The Zionist Parleys

The negotiations which the World Zionist Executive started in London with representatives of different Zionist groups for bringing internal peace and unity into the Zionist ranks enter their third stage today.

Two weeks ago the Executive completed its negotiations with the representatives of the Revisionist party. Last week it completed its negotiations with the General Zionists. Today the Executive opens its negotiations with the representatives of the Mizrachi group.

At no other time was unity in the Zionist ranks as imperative as it is at the present moment, when Palestine Jewry is facing the danger of having a Legislative Council established in the country. The mobilization of all Zionist forces for the sake of forming a united Jewish front was never as urgent as it is now, when Jewish rights in Palestine are threatened by the projected Legislative Council.

It is therefore regrettable to see that the negotiations which the Executive has opened for the purpose of consolidating the Zionist movement have so far not produced the desired results. The Revisionists, it seems, do not find their way clear to accept the peace terms of the Executive, since the basic condition in these terms provides for subjecting the Revisionist party to a discipline which they find it impossible to obey. Similarly, this seems to be the case with the General Zionists, who could not come to terms with the Executive during the negotiations of last week with regard to the problem of employment and labor in Palestine.

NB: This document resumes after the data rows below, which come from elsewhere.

(* sqrt (1 - m s^2) - cos p is at most sqrt (1 - m) * s^2, since the product with
   sqrt (1 - m s^2) + cos p >= sqrt (1 - m) equals (1 - m) s^2. *)
Lemma cnoidal_integrand_sub_cos_le m b2 p : 0 < m < 1 -> 0 < b2 -> - (PI / 2) <= p <= PI / 2 ->
  Rabs (cnoidal_integrand m b2 p - cos p / (1 + b2 * sin p ^ 2)) <= sqrt (1 - m) / b2.
Proof.
  intros Hm Hb Hp. unfold cnoidal_integrand.
  pose proof (sn_denominator_pos b2 p (Rlt_le _ _ Hb)) as Hden.
  set (s := sin p) in *. set (C := cos p).
  assert (HC : 0 <= C) by (apply cos_ge_0; lra).
  assert (HCs : C * C = 1 - s * s)
    by (pose proof (sin2_cos2 p); unfold Rsqr in *; unfold C, s; lra).
  assert (Hs : 0 <= s ^ 2 <= 1) by apply sin_sq_bound.
  assert (Hy : 0 < 1 - m * s ^ 2) by (apply ellip_radicand_pos; lra).
  set (a := sqrt (1 - m * s ^ 2)).
  assert (Ha : a * a = 1 - m * s ^ 2) by (apply sqrt_sqrt; lra).
  assert (Ha0 : 0 <= a) by apply sqrt_pos.
  set (r := sqrt (1 - m)).
  assert (Hr : r * r = 1 - m) by (apply sqrt_sqrt; lra).
  assert (Hr0 : 0 < r) by (apply sqrt_lt_R0; lra).
  assert (HaC : C <= a) by nra.
  assert (Har : r <= a) by nra.
  assert (Hgap : a - C <= r * s ^ 2) by nra.
  replace (a / (1 + b2 * s ^ 2) - C / (1 + b2 * s ^ 2)) with ((a - C) / (1 + b2 * s ^ 2))
    by (field; lra).
  rewrite Rabs_right by (apply Rle_ge, Rle_mult_inv_pos; lra).
  apply Rle_trans with (r * s ^ 2 / (1 + b2 * s ^ 2)).
  - apply Rmult_le_compat_r; [left; apply Rinv_0_lt_compat |]; lra.
  - apply (Rmult_le_reg_r (b2 * (1 + b2 * s ^ 2))); [nra |].
    field_simplify; lra.
Qed.

Lemma RInt_cnoidal_integrand_approx m b2 : 0 < m < 1 -> 0 < b2 ->
  Rabs (RInt (cnoidal_integrand m b2) (- (PI / 2)) (PI / 2) - 2 * atan (sqrt b2) / sqrt b2)
    <= PI * (sqrt (1 - m) / b2).
Proof.
  intros Hm Hb. pose proof PI_RGT_0.
  set (k := fun p => cos p / (1 + b2 * sin p ^ 2)).
  assert (Hk : ex_RInt k (- (PI / 2)) (PI / 2)) by (eexists; apply is_RInt_cos_div, Hb).
  assert (Hj : ex_RInt (cnoidal_integrand m b2) (- (PI / 2)) (PI / 2))
    by (apply ex_RInt_cnoidal_integrand; lra).
  rewrite <- (is_RInt_unique _ _ _ _ (is_RInt_cos_div b2 Hb)).
  pose proof (RInt_minus (V := R_CompleteNormedModule) _ _ _ _ Hj Hk) as E.
  unfold minus, plus, opp in E; simpl in E. fold k. unfold Rminus at 1. rewrite <- E.
  eapply Rle_trans.
  - apply abs_RInt_le_const; [lra | | intros; apply cnoidal_integrand_sub_cos_le; auto].
    apply (ex_RInt_minus (V := R_CompleteNormedModule)); assumption.
  - right; field. lra.
Qed.

(** * The wave parameters *)

Definition admissible (w c : R) : Prop := c ^ 2 / 4 < w \/ (w = c ^ 2 / 4 /\ 0 < c).

Definition rootA (w c e : R) : R := sqrt (Apoly w c e).

Section WaveParameters.

Variables w c : R.
Hypothesis Hwc : admissible w c.

Lemma admissible_sqrt : 0 < sqrt w /\ sqrt w * sqrt w = w /\ - 2 * sqrt w < c <= 2 * sqrt w.
Proof.
  assert (Hw : 0 < w) by (destruct Hwc as [Hlt | [Heq Hc]]; nra).
  pose proof (sqrt_lt_R0 w Hw). pose proof (sqrt_sqrt w (Rlt_le _ _ Hw)).
  destruct Hwc as [Hlt | [Heq Hc]]; repeat split; auto; nra.
Qed.

Lemma alpha0_bounds : 0 < alpha0 w c < alpha1 w c.
Proof.
  destruct admissible_sqrt as (? & ? & ? & ?). unfold alpha0, alpha1.
  set (S0 := sqrt (48 * w + 4 * c ^ 2)).
  assert (HS0 : S0 * S0 = 48 * w + 4 * c ^ 2) by (apply sqrt_sqrt; nra).
  assert (0 <= S0) by apply sqrt_pos. split; nra.
Qed.

Lemma alpha1_pos : 0 < alpha1 w c.
Proof. pose proof alpha0_bounds; lra. Qed.

Lemma Apoly_gt_sqr e : 0 < e < alpha1 w c -> (e - 4 * c) ^ 2 < Apoly w c e.
Proof. intros He. destruct admissible_sqrt as (? & ? & ? & ?). unfold alpha1, Apoly in *. nra. Qed.

Lemma rootA_bounds e : 0 < e < alpha1 w c ->
  rootA w c e * rootA w c e = Apoly w c e /\ Rabs (e - 4 * c) < rootA w c e.
Proof.
  intros He. pose proof (Apoly_gt_sqr e He). pose proof (pow2_ge_0 (e - 4 * c)).
  unfold rootA. split; [apply sqrt_sqrt; lra |].
  rewrite <- sqrt_Rsqr_abs. apply sqrt_lt_1_alt. split; [apply Rle_0_sqr | unfold Rsqr; nra].
Qed.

One need not be too pessimistic to predict that the negotiations which the Executive opened today with the Mizrachi will also fail to result in a complete understanding. Too great is the opposition of the Mizrachi toward the present Executive and too antagonistic are its demands. A peace conference lasting a few hours is hardly likely to straighten out the differences existing at present between the Mizrachi and the Executive.

The efforts of the Executive to bring about internal peace in the Zionist movement are nevertheless to be commended. They show that the Executive is seriously thinking of ways and means to reconcile the various groups in the Zionist movement. Whether or not these efforts bring any concrete results at present, they will serve a good purpose. They will mark the beginning of negotiations for armistice. And where there is armistice there will be peace.